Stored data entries
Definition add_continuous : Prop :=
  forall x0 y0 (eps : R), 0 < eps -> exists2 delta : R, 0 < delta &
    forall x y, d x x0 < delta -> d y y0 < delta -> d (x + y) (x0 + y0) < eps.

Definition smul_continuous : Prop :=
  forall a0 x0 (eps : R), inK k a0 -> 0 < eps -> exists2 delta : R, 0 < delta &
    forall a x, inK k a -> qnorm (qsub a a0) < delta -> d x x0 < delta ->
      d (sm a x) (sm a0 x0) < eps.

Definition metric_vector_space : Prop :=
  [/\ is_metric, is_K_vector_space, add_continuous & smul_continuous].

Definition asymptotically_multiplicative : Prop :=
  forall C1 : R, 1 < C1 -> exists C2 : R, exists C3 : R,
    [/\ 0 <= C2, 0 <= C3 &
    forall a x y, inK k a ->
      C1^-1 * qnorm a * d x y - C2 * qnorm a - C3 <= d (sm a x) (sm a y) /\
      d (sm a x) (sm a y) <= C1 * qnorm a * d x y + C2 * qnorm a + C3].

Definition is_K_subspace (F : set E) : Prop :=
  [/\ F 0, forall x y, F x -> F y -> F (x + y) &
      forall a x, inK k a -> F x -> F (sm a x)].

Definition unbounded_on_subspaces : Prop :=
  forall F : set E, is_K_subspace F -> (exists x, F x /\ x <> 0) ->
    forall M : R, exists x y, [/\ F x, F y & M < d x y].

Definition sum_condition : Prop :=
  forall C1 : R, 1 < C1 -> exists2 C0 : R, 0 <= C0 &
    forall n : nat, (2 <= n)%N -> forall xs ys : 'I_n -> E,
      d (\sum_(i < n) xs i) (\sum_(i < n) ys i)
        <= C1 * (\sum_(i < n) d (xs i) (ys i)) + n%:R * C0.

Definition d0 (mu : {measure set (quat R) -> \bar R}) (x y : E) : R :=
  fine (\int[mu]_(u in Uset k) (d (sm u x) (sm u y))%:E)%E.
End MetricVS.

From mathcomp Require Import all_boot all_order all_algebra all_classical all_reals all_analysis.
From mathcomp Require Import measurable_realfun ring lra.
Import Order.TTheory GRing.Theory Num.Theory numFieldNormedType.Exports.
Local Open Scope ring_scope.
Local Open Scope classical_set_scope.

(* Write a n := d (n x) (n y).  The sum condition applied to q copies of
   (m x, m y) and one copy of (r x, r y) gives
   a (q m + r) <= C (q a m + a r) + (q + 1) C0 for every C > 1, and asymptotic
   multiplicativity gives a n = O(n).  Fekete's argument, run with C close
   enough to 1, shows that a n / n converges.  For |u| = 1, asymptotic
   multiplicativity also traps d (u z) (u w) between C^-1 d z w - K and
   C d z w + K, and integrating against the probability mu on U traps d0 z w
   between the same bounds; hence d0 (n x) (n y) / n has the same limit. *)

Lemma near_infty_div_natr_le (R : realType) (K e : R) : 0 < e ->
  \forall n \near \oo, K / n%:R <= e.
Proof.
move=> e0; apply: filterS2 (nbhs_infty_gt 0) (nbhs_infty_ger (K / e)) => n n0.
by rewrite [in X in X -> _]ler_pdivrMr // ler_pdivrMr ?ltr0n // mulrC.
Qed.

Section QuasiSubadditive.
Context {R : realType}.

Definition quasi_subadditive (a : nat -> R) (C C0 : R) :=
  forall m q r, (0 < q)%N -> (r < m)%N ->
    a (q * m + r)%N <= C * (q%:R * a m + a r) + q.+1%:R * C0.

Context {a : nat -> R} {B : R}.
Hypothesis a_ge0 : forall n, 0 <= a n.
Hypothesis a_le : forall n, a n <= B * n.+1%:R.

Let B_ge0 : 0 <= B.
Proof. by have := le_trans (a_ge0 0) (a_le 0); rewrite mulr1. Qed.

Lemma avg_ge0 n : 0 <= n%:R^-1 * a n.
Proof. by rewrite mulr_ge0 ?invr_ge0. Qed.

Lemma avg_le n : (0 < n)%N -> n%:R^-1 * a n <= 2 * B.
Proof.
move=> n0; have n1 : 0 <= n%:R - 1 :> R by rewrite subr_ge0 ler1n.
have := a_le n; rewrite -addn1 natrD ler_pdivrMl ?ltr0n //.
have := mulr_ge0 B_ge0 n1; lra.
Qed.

* * *

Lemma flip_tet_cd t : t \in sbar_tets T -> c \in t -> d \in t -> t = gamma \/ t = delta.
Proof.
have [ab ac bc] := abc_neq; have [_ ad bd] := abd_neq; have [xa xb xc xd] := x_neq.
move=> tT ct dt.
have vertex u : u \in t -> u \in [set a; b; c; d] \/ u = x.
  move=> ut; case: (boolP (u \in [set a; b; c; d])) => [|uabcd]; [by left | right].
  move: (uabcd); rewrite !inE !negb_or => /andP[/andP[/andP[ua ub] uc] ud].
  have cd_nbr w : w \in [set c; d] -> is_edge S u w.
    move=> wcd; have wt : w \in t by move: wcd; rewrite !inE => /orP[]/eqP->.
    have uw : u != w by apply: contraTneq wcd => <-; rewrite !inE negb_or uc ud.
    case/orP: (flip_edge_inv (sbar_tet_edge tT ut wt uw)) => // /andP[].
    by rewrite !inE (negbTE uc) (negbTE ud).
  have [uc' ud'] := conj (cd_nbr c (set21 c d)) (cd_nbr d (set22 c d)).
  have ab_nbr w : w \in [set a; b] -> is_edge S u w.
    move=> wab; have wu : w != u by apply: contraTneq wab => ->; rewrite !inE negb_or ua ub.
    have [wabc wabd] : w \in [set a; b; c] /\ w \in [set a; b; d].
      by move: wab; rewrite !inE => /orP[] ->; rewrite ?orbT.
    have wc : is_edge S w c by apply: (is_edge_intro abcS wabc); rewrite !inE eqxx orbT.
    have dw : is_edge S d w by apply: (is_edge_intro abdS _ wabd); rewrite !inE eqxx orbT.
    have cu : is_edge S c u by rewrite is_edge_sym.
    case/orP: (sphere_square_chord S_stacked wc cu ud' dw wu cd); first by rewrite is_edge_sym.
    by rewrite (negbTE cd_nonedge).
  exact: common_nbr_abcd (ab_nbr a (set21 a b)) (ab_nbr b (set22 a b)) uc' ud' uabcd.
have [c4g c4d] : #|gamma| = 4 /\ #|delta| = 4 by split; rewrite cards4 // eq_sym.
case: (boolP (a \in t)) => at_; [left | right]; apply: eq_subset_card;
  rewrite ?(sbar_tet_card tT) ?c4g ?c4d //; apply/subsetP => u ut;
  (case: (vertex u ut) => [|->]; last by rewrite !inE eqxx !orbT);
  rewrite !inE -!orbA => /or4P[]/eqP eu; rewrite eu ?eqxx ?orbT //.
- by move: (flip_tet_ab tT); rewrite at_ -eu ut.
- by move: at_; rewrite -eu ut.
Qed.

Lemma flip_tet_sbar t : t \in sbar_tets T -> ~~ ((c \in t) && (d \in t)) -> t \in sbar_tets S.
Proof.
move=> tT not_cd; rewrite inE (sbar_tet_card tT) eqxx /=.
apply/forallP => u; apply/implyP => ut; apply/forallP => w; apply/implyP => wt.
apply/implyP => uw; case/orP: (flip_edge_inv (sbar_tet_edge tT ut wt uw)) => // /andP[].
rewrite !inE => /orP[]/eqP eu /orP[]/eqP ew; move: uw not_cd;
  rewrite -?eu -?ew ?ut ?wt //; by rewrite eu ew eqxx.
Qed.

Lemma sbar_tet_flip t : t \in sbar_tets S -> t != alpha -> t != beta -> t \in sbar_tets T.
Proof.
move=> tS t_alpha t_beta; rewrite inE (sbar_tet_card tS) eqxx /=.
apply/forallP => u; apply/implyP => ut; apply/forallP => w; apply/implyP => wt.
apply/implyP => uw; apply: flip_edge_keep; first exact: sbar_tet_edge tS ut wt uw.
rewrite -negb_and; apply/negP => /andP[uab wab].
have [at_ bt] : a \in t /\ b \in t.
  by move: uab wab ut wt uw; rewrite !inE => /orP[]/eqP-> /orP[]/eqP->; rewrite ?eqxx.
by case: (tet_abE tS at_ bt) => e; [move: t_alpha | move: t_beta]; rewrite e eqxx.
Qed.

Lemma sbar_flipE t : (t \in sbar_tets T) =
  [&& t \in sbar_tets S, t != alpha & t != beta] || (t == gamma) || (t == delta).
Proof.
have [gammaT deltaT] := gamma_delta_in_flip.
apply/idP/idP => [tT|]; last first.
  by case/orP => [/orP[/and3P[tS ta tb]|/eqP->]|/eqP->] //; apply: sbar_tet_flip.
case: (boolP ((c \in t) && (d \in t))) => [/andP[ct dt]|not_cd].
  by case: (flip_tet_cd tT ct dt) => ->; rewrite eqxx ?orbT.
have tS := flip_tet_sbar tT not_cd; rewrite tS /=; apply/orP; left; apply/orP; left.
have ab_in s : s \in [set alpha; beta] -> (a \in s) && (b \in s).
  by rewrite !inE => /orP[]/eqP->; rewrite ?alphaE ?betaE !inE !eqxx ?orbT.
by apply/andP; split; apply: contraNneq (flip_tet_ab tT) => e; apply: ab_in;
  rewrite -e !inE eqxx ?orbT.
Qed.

---

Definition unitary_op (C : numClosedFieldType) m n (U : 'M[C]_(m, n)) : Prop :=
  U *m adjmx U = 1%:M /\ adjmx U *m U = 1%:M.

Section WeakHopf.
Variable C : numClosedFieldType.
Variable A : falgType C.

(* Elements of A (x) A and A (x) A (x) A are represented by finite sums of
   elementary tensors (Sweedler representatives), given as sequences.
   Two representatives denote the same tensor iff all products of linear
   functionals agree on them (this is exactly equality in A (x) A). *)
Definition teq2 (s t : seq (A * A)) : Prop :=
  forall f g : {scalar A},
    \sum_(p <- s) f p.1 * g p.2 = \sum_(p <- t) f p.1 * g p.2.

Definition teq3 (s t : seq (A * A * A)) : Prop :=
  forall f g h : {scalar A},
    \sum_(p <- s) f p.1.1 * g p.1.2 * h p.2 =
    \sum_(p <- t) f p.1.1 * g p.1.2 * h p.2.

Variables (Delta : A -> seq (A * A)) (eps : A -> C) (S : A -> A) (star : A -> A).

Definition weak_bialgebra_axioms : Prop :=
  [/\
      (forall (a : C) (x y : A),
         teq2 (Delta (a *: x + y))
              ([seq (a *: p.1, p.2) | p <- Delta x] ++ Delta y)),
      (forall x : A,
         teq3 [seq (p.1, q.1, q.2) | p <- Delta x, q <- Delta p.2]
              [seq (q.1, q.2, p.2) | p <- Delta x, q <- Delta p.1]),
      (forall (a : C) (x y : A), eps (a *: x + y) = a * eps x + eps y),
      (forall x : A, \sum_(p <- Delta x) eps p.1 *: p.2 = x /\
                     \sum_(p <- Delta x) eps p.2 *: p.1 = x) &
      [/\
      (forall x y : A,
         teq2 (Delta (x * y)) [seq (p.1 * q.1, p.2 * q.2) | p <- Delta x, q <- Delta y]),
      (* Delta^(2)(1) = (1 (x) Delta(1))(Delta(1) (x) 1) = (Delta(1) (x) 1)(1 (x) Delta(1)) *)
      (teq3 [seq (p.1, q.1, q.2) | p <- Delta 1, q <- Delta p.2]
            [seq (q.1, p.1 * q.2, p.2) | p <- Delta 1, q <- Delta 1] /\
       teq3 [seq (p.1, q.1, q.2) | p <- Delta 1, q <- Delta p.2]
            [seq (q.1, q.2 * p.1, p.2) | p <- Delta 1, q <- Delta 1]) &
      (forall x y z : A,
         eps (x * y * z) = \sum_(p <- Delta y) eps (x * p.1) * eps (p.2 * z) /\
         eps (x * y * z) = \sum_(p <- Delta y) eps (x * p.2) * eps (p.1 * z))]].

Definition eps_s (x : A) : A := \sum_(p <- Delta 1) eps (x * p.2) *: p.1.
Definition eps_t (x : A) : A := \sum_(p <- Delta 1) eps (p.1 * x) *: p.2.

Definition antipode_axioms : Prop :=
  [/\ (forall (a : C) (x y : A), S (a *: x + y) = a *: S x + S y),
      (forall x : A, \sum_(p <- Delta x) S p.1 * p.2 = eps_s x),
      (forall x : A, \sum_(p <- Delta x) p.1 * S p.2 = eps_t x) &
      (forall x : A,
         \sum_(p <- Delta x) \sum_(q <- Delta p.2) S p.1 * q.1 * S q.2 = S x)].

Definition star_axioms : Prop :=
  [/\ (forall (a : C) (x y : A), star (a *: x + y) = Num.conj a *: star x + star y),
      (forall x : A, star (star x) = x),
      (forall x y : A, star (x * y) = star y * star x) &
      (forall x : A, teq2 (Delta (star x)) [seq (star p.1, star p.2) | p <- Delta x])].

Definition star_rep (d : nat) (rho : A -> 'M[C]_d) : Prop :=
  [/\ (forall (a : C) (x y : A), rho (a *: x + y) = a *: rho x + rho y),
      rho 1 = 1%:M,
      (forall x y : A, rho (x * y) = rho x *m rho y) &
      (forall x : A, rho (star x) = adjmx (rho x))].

• [Task instructions] The answer is the run of lines above from the line containing "forall C1 : R, 1 < C1 -> exists2" through the line containing "<= C1 * (\sum_(i", copied exactly and alone.

• [Output below]
  forall C1 : R, 1 < C1 -> exists2 C0 : R, 0 <= C0 &
    forall n : nat, (2 <= n)%N -> forall xs ys : 'I_n -> E,
      d (\sum_(i < n) xs i) (\sum_(i < n) ys i)
        <= C1 * (\sum_(i < n) d (xs i) (ys i)) + n%:R * C0.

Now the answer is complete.